« KRRR… pchhhh… » (Le crépitement du feu se mêle aux parasites.)
Karl, assis près des flammes, ajuste son vieux pull troué et serre les dents en regardant ses pieds rougis.
« Putain, ça brûle encore cette merde d'eau acidique… J’ai rincé à l’eau trois fois, mais ça change rien. »
Il toussote, réalise qu’il a appuyé sur l’émetteur, et se redresse pour parler clairement dans la radio, sa voix rauque et traînante traversant les ondes :
« KRRR… pchhhh… …Ici Karl, pour la communauté de l’Escale… KRRRT…
On est un groupe qui s’entraide, correct côté matos, eau et médocs… pchhh… mais la nourriture, c’est la priorité absolue.
Si t’as des compétences en culture, cueillette, ou repérage de bouffe, KRRR… on est preneurs. Parce que la nourriture, sans aide, on va finir par en manquer cruellement. Un artisan ou deux pour renforcer l’autonomie, ce serait un plus aussi mais pas la priorité!
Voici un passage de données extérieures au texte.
Lemma mspec_regular_iff (a b : T) bs : mspec T a b bs <-> a <= bigj jT (KT b) (map KT bs).
Proof.
  split.
  - intro H; apply (proj2 RT) in H; destruct H as [kb [kbs [Hb [Hbs H]]]].
    now rewrite (Forall2_isK_map Hbs), (isK_unique Hb (isK_KT b)) in H.
  - intro H; apply (proj2 RT); exists (KT b), (map KT bs).
    split; [apply isK_KT|split; [|exact H]].
    clear H; induction bs; constructor; [apply isK_KT|assumption].
Qed.

Lemma KT_closure : closure_op jT KT.
Proof.
  apply closure_op_intro.
  - intro x; apply (proj2 (isK_KT x)), (M1 HT).
  - intros x y H; apply (mspec_regular_iff _ _ []).
    apply (M2 HT _ x); [apply (proj1 (isK_KT x))|apply (mspec_regular_iff _ _ []), H].
Qed.

Section Universal.
Variable M : msl.
Hypothesis HM : is_mass M.
Variable eta : M -> T.
Hypothesis Heta : hom eta.

Definition eta_pair (x : M * list M) : T :=
  bigj jT (eta (fst x)) (map (fun b => KT (eta b)) (snd x)).

Lemma eta_pair_cond_a1 (a c : M) D : cond_a1 a c D -> eta a <= eta_pair (c, D).
Proof.
  unfold eta_pair; simpl.
  intros [H|[d [S H]]]; eapply jle_trans; try apply (hom_le Heta H).
  - apply bigj_ub, in_eq.
  - rewrite (proj1 Heta); apply join_le_iff; split; [apply bigj_ub, in_eq|].
    destruct D as [|d1 ds]; [contradiction|].
    eapply jle_trans; [apply mspec_regular_iff, (proj2 Heta _ _ _ S)|].
    apply bigj_incl; rewrite map_map; apply incl_tl, incl_refl.
Qed.

Lemma eta_pair_mono x y : prec M x y -> eta_pair x <= eta_pair y.
Proof.
  destruct x as [a B], y as [c D]; rewrite (prec_iff HM); simpl; intros [H1 H2].
  unfold eta_pair at 1; simpl; apply bigj_le_iff; intros x [<-|Hx]; [exact (eta_pair_cond_a1 H1)|].
  apply in_map_iff in Hx; destruct Hx as [b [<- Hb]].
  destruct (H2 b Hb) as [d [Hd S]].
  eapply jle_trans; [apply (closure_le KT_closure), (mspec_regular_iff _ _ []),
    (proj2 Heta _ _ _ S)|].
  apply bigj_ub, in_cons, (in_map (fun b => KT (eta b))), Hd.
Qed.

Definition eta_tilde (X : tcar M) : T := eta_pair (trep X).

Lemma eta_tilde_tcls x : eta_tilde (tcls M x) = eta_pair x.
Proof.
  destruct (trep_tcls HM x) as [H1 H2].
  apply jle_antisym; apply eta_pair_mono; assumption.
Qed.

Lemma eta_tilde_join X Y : eta_tilde (tjoin X Y) = jT (eta_tilde X) (eta_tilde Y).
Proof.
  destruct (tcls_surj X) as [x ->], (tcls_surj Y) as [y ->].
  rewrite (tjoin_tcls HM), !eta_tilde_tcls; unfold eta_pair, pjoin; simpl.
  now rewrite (proj1 Heta), map_app, bigj_app_join.
Qed.

Lemma eta_tilde_K X : eta_tilde (tK X) = KT (eta_tilde X).
Proof.
  destruct (tcls_surj X) as [[a B] ->].
  rewrite (tK_tcls HM), !eta_tilde_tcls; unfold eta_pair, pK; simpl.
  rewrite <- map_map, (closure_bigj_map KT_closure), (bigj_morph _ _ (proj1 Heta)).
  apply (jle_trans (b := bigj jT (eta a) (map eta B)));
    [apply bigj_ub, in_eq|apply (closure_ext KT_closure)].
Qed.

Lemma Khom_eta_tilde : @Khom (Mtilde M) T eta_tilde.
Proof.
  split; [split|].
  - exact eta_tilde_join.
  - intros X Y Ys H; apply mspec_regular_iff.
    assert (Hle : eta_tilde X <= eta_tilde (bigj (@tjoin M) (tK Y) (map (@tK M) Ys))).
    { unfold jle; rewrite <- eta_tilde_join; now f_equal. }
    rewrite (bigj_morph _ _ eta_tilde_join), map_map, eta_tilde_K in Hle.
    rewrite map_map; erewrite map_ext; [exact Hle|]; intro Z; symmetry; apply eta_tilde_K.
  - intros X KX HX; apply (isK_tilde_iff HM) in HX; subst KX.
    rewrite eta_tilde_K; apply isK_KT.
Qed.

Lemma eta_tilde_ups a : eta_tilde (ups M a) = eta a.
Proof. unfold ups; now rewrite eta_tilde_tcls. Qed.

Lemma Khom_unique (g : Mtilde M -> T) :
  Khom g -> (forall a, g (ups M a) = eta a) -> forall X, g X = eta_tilde X.
Proof.
  intros [[Hjoin _] HK] Hg X; destruct (tcls_surj X) as [[a B] ->].
  rewrite eta_tilde_tcls, (tcls_decomp HM); unfold eta_pair; simpl.
  change (bigj (@tjoin M)) with (bigj (mjoin (Mtilde M))).
  rewrite (bigj_morph _ _ Hjoin), Hg, map_map; f_equal; apply map_ext; intro b.
  apply (isK_unique (x := eta b)); [|apply isK_KT].
  rewrite <- Hg; apply HK, (isK_tilde_iff HM); reflexivity.
Qed.

End Universal.
End RegularTarget.

Lemma tilde_universal (M : msl) (HM : is_mass M) (T : msl) (HT : is_mass T) (RT : regular T)
  (eta : M -> T) (Heta : hom eta) :
  exists f : Mtilde M -> T,
    Khom f /\ (forall a : M, f (ups M a) = eta a) /\
    (forall g : Mtilde M -> T, Khom g -> (forall a : M, g (ups M a) = eta a) ->
       forall x, g x = f x).
Proof.
  exists (eta_tilde RT eta); split; [|split].
  - exact (Khom_eta_tilde HT RT HM Heta).
  - exact (eta_tilde_ups HT RT HM Heta).
  - exact (Khom_unique HT RT HM Heta).
Qed.

Theorem theorem4p4 (M : msl) (HM : is_mass M) :
  (* (1) *)
  (is_mass (Mtilde M) /\ regular (Mtilde M)) /\
  (* (2) *)
  embedding (ups M) /\
  (* (3) *)
  (forall T : msl, is_mass T -> regular T ->
   forall eta : M -> T, hom eta ->
   exists f : Mtilde M -> T,
     Khom f /\ (forall a : M, f (ups M a) = eta a) /\
     (forall g : Mtilde M -> T, Khom g -> (forall a : M, g (ups M a) = eta a) ->
        forall x, g x = f x)) /\
  (* (4) *)
  (forall U : msl, is_mass U ->
   forall psi : M -> U, hom psi ->
   exists f : Mtilde M -> Mtilde U,
     Khom f /\ (forall a : M, f (ups M a) = ups U (psi a)) /\
     (forall g : Mtilde M -> Mtilde U, Khom g ->
        (forall a : M, g (ups M a) = ups U (psi a)) ->
        forall x, g x = f x)).
Proof.
  split; [split; [exact (mass_tilde HM)|exact (regular_tilde HM)]|].
  split; [exact (embedding_ups HM)|].
  split; [exact (tilde_universal HM)|].
  intros U HU psi Hpsi.
  apply (tilde_universal HM (mass_tilde HU) (regular_tilde HU)).
  exact (hom_comp Hpsi (proj1 (embedding_ups HU))).
Qed.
pchhh… Et si jamais y’a un médecin, un soignant, ou quelqu’un qui sait quoi faire avec une brûlure qui s’obstine à brûler, je suis preneur perso. KRRR… Mais bon, la nourriture, c’est l’urgence numéro un.
À terme, on veut devenir un point d’arrêt et d’échange pour ceux qui veulent explorer bien au-delà de la région de la Capitale. pchhhh… Si ça t’intéresse, pchhh… réponds sur cette fréquence.
Même un « Je capte » suffit. On en discute en privé après.
…KRRR… pchhhh… (Un grognement étouffé.) Je répète : Karl, pour la communauté de l’Escale. À l’écoute. KRRRT… »
Tout s’achète, tout se vend… même l’espoir. Mais moi, j’fais des rabais sur les miracles.